Pubdate: Sun, 23 Jun 2013
Source: Telegraph, The (Nashua, NH)
Copyright: 2013 Telegraph Publishing Company
Contact:  http://www.nashuatelegraph.com
Details: http://www.mapinc.org/media/885
Author: John Stossel

WHY THE DRUG WAR IS WORSE THAN PROHIBITION

As Americans obsess over NSA spying, abuse by the IRS and other
assaults on our freedom, I can't get my mind off the thousand other
ways politicians abuse us.

In their arrogance, they assume that only they solve social problems.
They will solve them by banning this and that, subsidizing groups they
deem worthy and setting up massive bureaucracies with a mandate to
cure, treat and rescue wayward souls.

Their programs fail, and so they pass new laws to address the
failures. It's one reason that 22 million people now work for government.

Some of the things they do seem like bigger assaults on our freedom
than NSA spying, although we've become accustomed to the older abuses.

Take the drug war.

It's true that some Americans destroy their lives and their families'
lives by using drugs. Others struggle with addiction. But if illegal
drugs are as horrible and addictive as we've been told, how come the
government's own statistics say millions try those drugs but only a
small percentage continue using?

Ninety-five percent of those who have tried what we think of as "hard
drugs" report not using the substances in the past month.

Columbia University psychology professor Dr.
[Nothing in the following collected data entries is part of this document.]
(* [alt_sign k * (qz k * (pz m / qz m) - pz k)] is positive for m > k ([cross_det_sign]);
   pass to the limit m -> oo. *)
Lemma delta_nonneg k : 0 <= delta k.
Proof.
  unfold delta, err.
  replace (_ * _) with (IZR (alt_sign k * qz k) * alpha + - IZR (alt_sign k * pz k))
    by (rewrite !mult_IZR; ring).
  apply (Un_cv_affine_nonneg _ _ _ _ k convergents_cv). intros m Hm.
  unfold pn, qn. rewrite !INR_IZR_INZ. fold (pz (S m)) (qz (S m)).
  pose proof (qz_pos (S m) ltac:(lia)) as Hq.
  apply IZR_le in Hq.
  replace (_ + _) with (IZR (alt_sign k * (qz k * pz (S m) - pz k * qz (S m))) / IZR (qz (S m)))
    by (rewrite !mult_IZR, minus_IZR, !mult_IZR; field; lra).
  apply Rle_mult_inv_pos; [|lra].
  apply IZR_le. pose proof (cross_det_sign k (S m) ltac:(lia)). lia.
Qed.

Lemma delta_pos k : 0 < delta k.
Proof.
  destruct (Rle_lt_or_eq_dec _ _ (delta_nonneg k)) as [Hlt|Heq]; [exact Hlt|exfalso].
  unfold delta in Heq. symmetry in Heq. apply Rmult_integral in Heq as [Hs|He].
  - pose proof (alt_sign_sqr k). apply eq_IZR_R0 in Hs. rewrite Hs in *. lia.
  - unfold err in He. destruct k as [|k]; [unfold qz, pz in He; simpl in He; lra|].
    apply (alpha_irrational (pz (S k)) (qz (S k))); [pose proof (qz_pos (S k)); lia|lra].
Qed.

Lemma delta_lt_S k : delta (S k) < delta k.
Proof.
  rewrite (delta_SS k). pose proof (delta_pos (S k)). pose proof (delta_pos (S (S k))).
  assert (1 <= IZR (az (S k))) by (apply IZR_le, az_pos; lia). nra.
Qed.

Definition not_convergent (p q : Z) : Prop :=
  forall n, ~ (p = Z.of_nat (pn a n) /\ q = Z.of_nat (qn a n)).

Definition dist_ge_upto (B : Z) (w : R) : Prop :=
  forall p q, not_convergent p q -> (1 <= q)%Z -> (q < B)%Z -> w <= dist p q.

Lemma not_convergent_neq k p q :
  not_convergent p q -> (1 <= q)%Z -> p = pz k -> q = qz k -> False.
Proof.
  intros Hnc Hq Hp Hqk. destruct k as [|k]; [unfold qz in Hqk; simpl in Hqk; lia|].
  exact (Hnc k (conj Hp Hqk)).
Qed.

(* Below [qz c + qz (S c)] a positive denominator has coordinates of opposite signs,
   hence distance [|x| delta c + |y| delta (S c)]. *)
Lemma dist_ge_upto_of_coords c B w :
  (1 <= c)%nat -> (B <= qz c + qz (S c))%Z ->
  (forall x y : Z,
     (1 <= x * qz c + y * qz (S c) < B)%Z ->
     not_convergent (x * pz c + y * pz (S c)) (x * qz c + y * qz (S c)) ->
     (x * y <= 0)%Z ->
     w <= IZR (Z.abs x) * delta c + IZR (Z.abs y) * delta (S c)) ->
  dist_ge_upto B w.
Proof.
  intros Hc HB Hw p q Hnc Hq1 HqB.
  destruct (convergent_coords c p q) as (x & y & -> & ->).
  rewrite dist_convergent_coords.
  pose proof (qz_pos c Hc). pose proof (qz_pos (S c) ltac:(lia)).
  assert (Hxy : (x * y <= 0)%Z) by (destruct (Z.le_gt_cases x 0), (Z.le_gt_cases y 0); nia).
  specialize (Hw x y (conj Hq1 HqB) Hnc Hxy).
  pose proof (delta_pos c). pose proof (delta_pos (S c)).
  assert ((0 <= x /\ y <= 0) \/ (x <= 0 /\ 0 <= y))%Z as [[Hx Hy]|[Hx Hy]] by nia.
  - rewrite Z.abs_eq, Z.abs_neq, opp_IZR in Hw by lia.
    apply IZR_le in Hx, Hy. rewrite Rabs_right by nra. lra.
  - rewrite Z.abs_neq, Z.abs_eq, opp_IZR in Hw by lia.
    apply IZR_le in Hx, Hy. rewrite Rabs_left1 by nra. lra.
Qed.

Lemma lincomb_le (X Y m n : Z) (d0 d1 : R) :
  0 < d1 -> d1 < d0 -> (m <= X)%Z -> (m + n <= X + Y)%Z ->
  IZR m * d0 + IZR n * d1 <= IZR X * d0 + IZR Y * d1.
Proof.
  intros H1 H01 HX HXY. apply IZR_le in HX, HXY. rewrite !plus_IZR in HXY.
  assert (0 <= (IZR X - IZR m) * (d0 - d1)) by (apply Rmult_le_pos; lra).
  assert (0 <= (IZR X + IZR Y - IZR m - IZR n) * d1) by (apply Rmult_le_pos; lra).
  nra.
Qed.

Lemma dist_ge_upto_of_coeffs c B (m n : Z) :
  (1 <= c)%nat -> (B <= qz c + qz (S c))%Z ->
  (forall x y : Z,
     (1 <= x * qz c + y * qz (S c) < B)%Z ->
     not_convergent (x * pz c + y * pz (S c)) (x * qz c + y * qz (S c)) ->
     (x * y <= 0)%Z ->
     (m <= Z.abs x /\ m + n <= Z.abs x + Z.abs y)%Z) ->
  dist_ge_upto B (IZR m * delta c + IZR n * delta (S c)).
Proof.
  intros Hc HB Hmn. apply (dist_ge_upto_of_coords c); [exact Hc|exact HB|].
  intros x y Hq Hnc Hxy. destruct (Hmn x y Hq Hnc Hxy).
  apply lincomb_le; [apply delta_pos|apply delta_lt_S|lia|lia].
Qed.

Lemma not_convergent_coords c x y :
  not_convergent (x * pz c + y * pz (S c)) (x * qz c + y * qz (S c)) ->
  (1 <= x * qz c + y * qz (S c))%Z ->
  (x <> 1 \/ y <> 0)%Z /\ (x <> 0 \/ y <> 1)%Z.
Proof.
  intros Hnc Hq. split.
  - destruct (Z.eq_dec x 1), (Z.eq_dec y 0); try tauto. subst.
    exfalso. apply (not_convergent_neq c _ _ Hnc Hq); ring.
  - destruct (Z.eq_dec x 0), (Z.eq_dec y 1); try tauto. subst.
    exfalso. apply (not_convergent_neq (S c) _ _ Hnc Hq); ring.
Qed.

Lemma not_convergent_coords_prev m x y :
  not_convergent (x * pz (S m) + y * pz (S (S m))) (x * qz (S m) + y * qz (S (S m))) ->
  (1 <= x * qz (S m) + y * qz (S (S m)))%Z ->
  (x <> - az (S m) \/ y <> 1)%Z.
Proof.
  intros Hnc Hq. destruct (Z.eq_dec x (- az (S m))), (Z.eq_dec y 1); try tauto. subst.
  exfalso. apply (not_convergent_neq m _ _ Hnc Hq); [rewrite pz_SS | rewrite qz_SS]; ring.
Qed.

(* Inside a run a_{m+1} = a_{m+2} = 1 one has 2 q_{m+1} - q_{m+2} = q_{m-1}. *)
Lemma not_convergent_coords_prev2 m x y :
  az (S m) = 1%Z -> az (S (S m)) = 1%Z ->
  not_convergent (x * pz (S (S m)) + y * pz (S (S (S m))))
                 (x * qz (S (S m)) + y * qz (S (S (S m)))) ->
  (1 <= x * qz (S (S m)) + y * qz (S (S (S m))))%Z ->
  (x <> 2 \/ y <> -1)%Z.
Proof.
  intros H1 H2 Hnc Hq. destruct (Z.eq_dec x 2), (Z.eq_dec y (-1)); try tauto. subst.
  exfalso. apply (not_convergent_neq m _ _ Hnc Hq).
  - rewrite (pz_SS (S m)), (pz_SS m), H1, H2. ring.
  - rewrite (qz_SS (S m)), (qz_SS m), H1, H2. ring.
Qed.

Ltac coeff_cases y :=
  let Hy := fresh "Hy" in
  assert (Hy : (y <= -2 \/ y = -1 \/ y = 0 \/ y = 1 \/ 2 <= y)%Z) by lia;
  destruct Hy as [Hy|[Hy|[Hy|[Hy|Hy]]]]; try subst y; nia.

Lemma dist_ge_upto_mediant c :
  (1 <= c)%nat -> dist_ge_upto (qz c + qz (S c)) (delta c + delta (S c)).
Proof.
  intros Hc. replace (delta c + delta (S c)) with (IZR 1 * delta c + IZR 1 * delta (S c))
    by (simpl; ring).
  apply dist_ge_upto_of_coeffs; [exact Hc|lia|].
  intros x y Hq Hnc Hxy.
  pose proof (not_convergent_coords _ _ _ Hnc (proj1 Hq)).
  pose proof (qz_pos c Hc). pose proof (qz_le_S c).
  coeff_cases y.
Qed.

Lemma dist_ge_upto_sum_double m :
  (3 <= a (S m))%nat -> dist_ge_upto (2 * qz (S m)) (delta m - delta (S m)).
Proof.
  intros Ha. assert (HA : (3 <= az (S m))%Z) by (unfold az; lia).
  replace (delta m - delta (S m))
    with (IZR (az (S m) - 1) * delta (S m) + IZR 1 * delta (S (S m)))
    by (rewrite (delta_SS m), minus_IZR; simpl; ring).
  apply dist_ge_upto_of_coeffs; [lia|pose proof (qz_le_S (S m)); lia|].
  intros x y Hq Hnc Hxy.
  pose proof (not_convergent_coords _ _ _ Hnc (proj1 Hq)).
  pose proof (not_convergent_coords_prev _ _ _ Hnc (proj1 Hq)).
  pose proof (qz_SS m). pose proof (qz_pos (S m) ltac:(lia)). pose proof (qz_nonneg m).
  coeff_cases y.
Qed.

Lemma dist_ge_upto_double_diff m :
  (3 <= a (S m))%nat -> dist_ge_upto (qz (S (S m)) - qz (S m)) (2 * delta (S m)).
Proof.
  intros Ha. assert (HA : (3 <= az (S m))%Z) by (unfold az; lia).
  replace (2 * delta (S m)) with (IZR 2 * delta (S m) + IZR 0 * delta (S (S m)))
    by (simpl; ring).
  pose proof (qz_SS m). pose proof (qz_pos (S m) ltac:(lia)). pose proof (qz_nonneg m).
  apply dist_ge_upto_of_coeffs; [lia|lia|].
  intros x y Hq Hnc Hxy.
  pose proof (not_convergent_coords _ _ _ Hnc (proj1 Hq)).
  pose proof (qz_le_S m).
  coeff_cases y.
Qed.

Lemma dist_ge_upto_run_double m :
  a (S m) = 1%nat -> a (S (S m)) = 1%nat ->
  dist_ge_upto (2 * qz (S m)) (delta m + delta (S (S m))).
Proof.
  intros Ha Ha'. assert (HA : az (S m) = 1%Z) by (unfold az; rewrite Ha; reflexivity).
  replace (delta m + delta (S (S m))) with (IZR 1 * delta (S m) + IZR 2 * delta (S (S m)))
    by (rewrite (delta_SS m), HA; simpl; ring).
  apply dist_ge_upto_of_coeffs; [lia|pose proof (qz_le_S (S m)); lia|].
  intros x y Hq Hnc Hxy.
  pose proof (not_convergent_coords _ _ _ Hnc (proj1 Hq)).
  pose proof (not_convergent_coords_prev _ _ _ Hnc (proj1 Hq)).
  pose proof (qz_SS m). pose proof (qz_pos (S m) ltac:(lia)). pose proof (qz_nonneg m).
  pose proof (qz_le_S m).
  coeff_cases y.
Qed.

Lemma dist_ge_upto_double_run m :
  a (S m) = 1%nat -> dist_ge_upto (2 * qz m + qz (S m)) (2 * delta (S m)).
Proof.
  intros Ha. assert (HA : az (S m) = 1%Z) by (unfold az; rewrite Ha; reflexivity).
  replace (2 * delta (S m)) with (IZR 2 * delta (S m) + IZR 0 * delta (S (S m)))
    by (simpl; ring).
  pose proof (qz_SS m). pose proof (qz_pos (S m) ltac:(lia)). pose proof (qz_nonneg m).
  pose proof (qz_le_S m).
  apply dist_ge_upto_of_coeffs; [lia|lia|].
  intros x y Hq Hnc Hxy.
  pose proof (not_convergent_coords _ _ _ Hnc (proj1 Hq)).
  pose proof (not_convergent_coords_prev _ _ _ Hnc (proj1 Hq)).
  coeff_cases y.
Qed.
Carl Hart, author of "High 
Price: A Neuroscientist's Journey of Self-Discovery," says "hard" drugs 
are not as dangerous as the media make them out to be. For 15 years, 
he's studied the effects of marijuana, methamphetamine, crack cocaine 
and more on users.

"The data simply shows that the vast majority of people who use these
drugs don't go on to become addicted," he said on my show. "In fact,
some of these people go on to become president."

He means Presidents Clinton, Bush and Obama. "All those guys used
illegal drugs at some point."

Society has grown more accepting of marijuana, but many people believe
crack and meth are far more dangerous and addictive, and that they
quickly lead to violent criminal behavior.

"The same thing was said about marijuana in the 1930s," Hart cautions.
"People said you use this drug, you go on to commit murder, you go on
to use heroin." New drugs always frighten authorities.

When the panic over meth passes, we may look back on it with
amusement, much the way people now look back on the anti-marijuana
propaganda film "Reefer Madness."

To learn what drugs really do, Hart advertises for drug users on
Craigslist, and then, with government approval, he gives users drugs
at his lab at Columbia. He's discovered that drug users' brains react
in similar ways to the brains of alcohol consumers.

"The vast majority of people who use drugs like cocaine use it on
weekends, monthly or every six months," says Hart. "Most hold jobs.
Pay taxes. They do those things, in a similar way that we use drugs
like alcohol."

Government's anti-drug crusaders think they protect kids by hyping the
threat, but Hart says they actually make it harder for people like him
to educate the public about real dangers. After the hype over
marijuana, young people no longer trust warnings about other drugs.

Finally, he adds, politicians' futile war kills more people than the
forbidden substances themselves.

The gangs of today, like the Crips and the Bloods, are motivated by
the absurd profits created when legitimate businesses aren't allowed
to sell something - just as Al Capone's empire and the violence of his
turf wars were created by forbidding mainstream businesses to sell
alcohol.

In fact, Hart says, the drug war is worse than Prohibition. It costs
more, has lasted longer and doesn't just kill people in the U.S.: From
Afghanistan to Colombia, American helicopters try to destroy drug
crops. Foreigners gain one more reason to hate Yankees.